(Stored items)
Lemma lik_ge0 phi : 0 <= lik phi.
Proof.
  destruct (upper_spec (ext_measurable phi)) as [Hub _]. destruct (ups_P_nonempty M) as [mu0 H0].
  eapply Rle_trans; [|apply (Hub mu0 H0)].
  apply (prob_ge0 (ups_P_prob M mu0 H0)), ext_measurable.
Qed.

Lemma sat_ssubst sigma s :
  sat M (ssubst sigma s)
  <-> seval (fun n => if excluded_middle_informative (sat M (sigma n)) then true else false) s
      = true.
Proof.
  induction s as [n|s IH|a IHa b IHb]; simpl.
  - destruct (excluded_middle_informative (sat M (sigma n))); intuition discriminate.
  - rewrite IH. destruct (seval _ s); simpl; intuition discriminate.
  - rewrite IHa, IHb. destruct (seval _ a), (seval _ b); simpl; intuition discriminate.
Qed.

Lemma sat_iinst sigma e : sat M (iinst sigma e) <-> ieval (fun n => lik (sigma n)) e.
Proof.
  assert (Hl : forall tl, lin_val (map (fun p => (fst p, sigma (snd p))) tl)
                          = lin_sum (fun n => lik (sigma n)) tl).
  { induction tl as [|p tl IH]; simpl; [reflexivity|]. rewrite IH. reflexivity. }
  induction e as [h tl c|e IH|a IHa b IHb]; cbn [iinst sat ieval].
  - rewrite term_val_cons, Hl. reflexivity.
  - rewrite IH. reflexivity.
  - rewrite IHa, IHb. reflexivity.
Qed.

Lemma term_val_L4 phis n phi :
  term_val M (L4_term phis n phi) = lin_val (map (fun q => (1, q)) phis) - INR n * lik phi.
Proof.
  unfold L4_term. destruct (map (fun q => (1, q)) phis) as [|[a q] tl].
  - rewrite term_val_cons. simpl. lra.
  - rewrite term_val_cons, lin_val_app. simpl. lra.
Qed.

Definition lin_prob (mu : (ups_Omega M -> Prop) -> R) (l : list (R * pform Phi0)) : R :=
  fold_right (fun p acc => fst p * mu (ext M (snd p)) + acc) 0 l.

Lemma lin_prob_app mu l1 l2 : lin_prob mu (l1 ++ l2) = lin_prob mu l1 + lin_prob mu l2.
Proof. induction l1 as [|p l1 IH]; simpl; [lra|]. rewrite IH. lra. Qed.

Lemma lin_prob_le_lin_val mu l : ups_P M mu -> (forall p, In p l -> 0 <= fst p) ->
  lin_prob mu l <= lin_val l.
Proof.
  intros Hm. induction l as [|[a q] l IH]; intros Hl; simpl; [lra|].
  pose proof (proj1 (upper_spec (ext_measurable q)) mu Hm).
  assert (0 <= a) by (apply (Hl (a, q)); simpl; auto).
  assert (lin_prob mu l <= lin_val l) by (apply IH; intros p Hp; apply Hl; simpl; auto).
  unfold lik. nra.
Qed.

Lemma weight_at_count s phis :
  weight_at (map (fun q => (1, ext M q)) phis) s = INR (count_true (ups_pi M s) phis).
Proof.
  induction phis as [|q phis IH]; simpl; [reflexivity|]. rewrite IH, plus_INR. unfold ext.
  destruct (excluded_middle_informative _) as [E|E]; simpl;
    destruct (peval (ups_pi M s) q); simpl; try lra; exfalso; auto.
Qed.

Lemma prob_L4 mu (n k : nat) phi phis : ups_P M mu ->
  ptaut (PImp phi (at_least (k + n) phis)) -> ptaut (at_least k phis) ->
  INR k + INR n * mu (ext M phi) <= lin_prob mu (map (fun q => (1, q)) phis).
Proof.
  intros HP Himp Hk.
  set (l := map (fun q => (1, q)) phis ++ [(- INR n, phi)]).
  set (L := map (fun p => (fst p, ext M (snd p))) l).
  assert (HL : List.Forall (fun p => ups_Sigma M (snd p)) L).
  { apply Forall_forall. intros p Hp. apply in_map_iff in Hp as [q [<- _]]. apply ext_measurable. }
  assert (Hw : forall s, 0 <= - INR k + weight_at L s).
  { intros s. unfold L, l. rewrite map_app, weight_at_app, map_map, weight_at_count.
    unfold weight_at. simpl.
    specialize (Himp (ups_pi M s)). specialize (Hk (ups_pi M s)). simpl in Himp.
    apply peval_at_least, le_INR in Hk. unfold ext.
    destruct (excluded_middle_informative _) as [E|E].
    - rewrite E in Himp. simpl in Himp.
      destruct (peval _ (at_least (k + n) phis)) eqn:Hkn; [|discriminate].
      apply peval_at_least, le_INR in Hkn. rewrite plus_INR in Hkn. lra.
    - lra. }
  pose proof (simple_expectation_nonneg (ups_Sigma_alg M) (ups_P_prob M mu HP) HL Hw) as H.
  replace (fold_right _ 0 L) with (lin_prob mu l) in H
    by (unfold L; clear; induction l; simpl; congruence).
  unfold l in H. rewrite lin_prob_app in H. simpl in H. lra.
Qed.

Lemma sat_L4 (n k : nat) phi phis :
  ptaut (PImp phi (at_least (k + n) phis)) -> ptaut (at_least k phis) ->
  sat M (LGe (L4_term phis n phi) (INR k)).
Proof.
  intros Himp Hk. cbn [sat]. rewrite term_val_L4.
  set (sum_lik := lin_val (map (fun q => (1, q)) phis)).
  assert (Hmu : forall mu, ups_P M mu -> INR k + INR n * mu (ext M phi) <= sum_lik).
  { intros mu Hm. eapply Rle_trans; [apply prob_L4; eauto|].
    apply lin_prob_le_lin_val; auto.
    intros p Hp. apply in_map_iff in Hp as [q [<- _]]. simpl; lra. }
  destruct n as [|n].
  - destruct (ups_P_nonempty M) as [mu0 H0]. specialize (Hmu mu0 H0). simpl in *. lra.
  - assert (Hn : 0 < INR (S n)) by (apply lt_0_INR; lia).
    assert (lik phi <= (sum_lik - INR k) / INR (S n)).
    { apply (upper_spec (ext_measurable phi)). intros mu Hm. specialize (Hmu mu Hm).
      apply Rmult_le_reg_r with (INR (S n)); [lra|]. field_simplify; lra. }
    apply Rmult_le_compat_r with (r := INR (S n)) in H; [|lra].
    field_simplify in H; lra.
Qed.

▶ [WHAT YOU HAVE TO DO]: Across the entries above, tally every line that includes the string "pose", then state only the count.

▶ [TASK ANSWER]: 2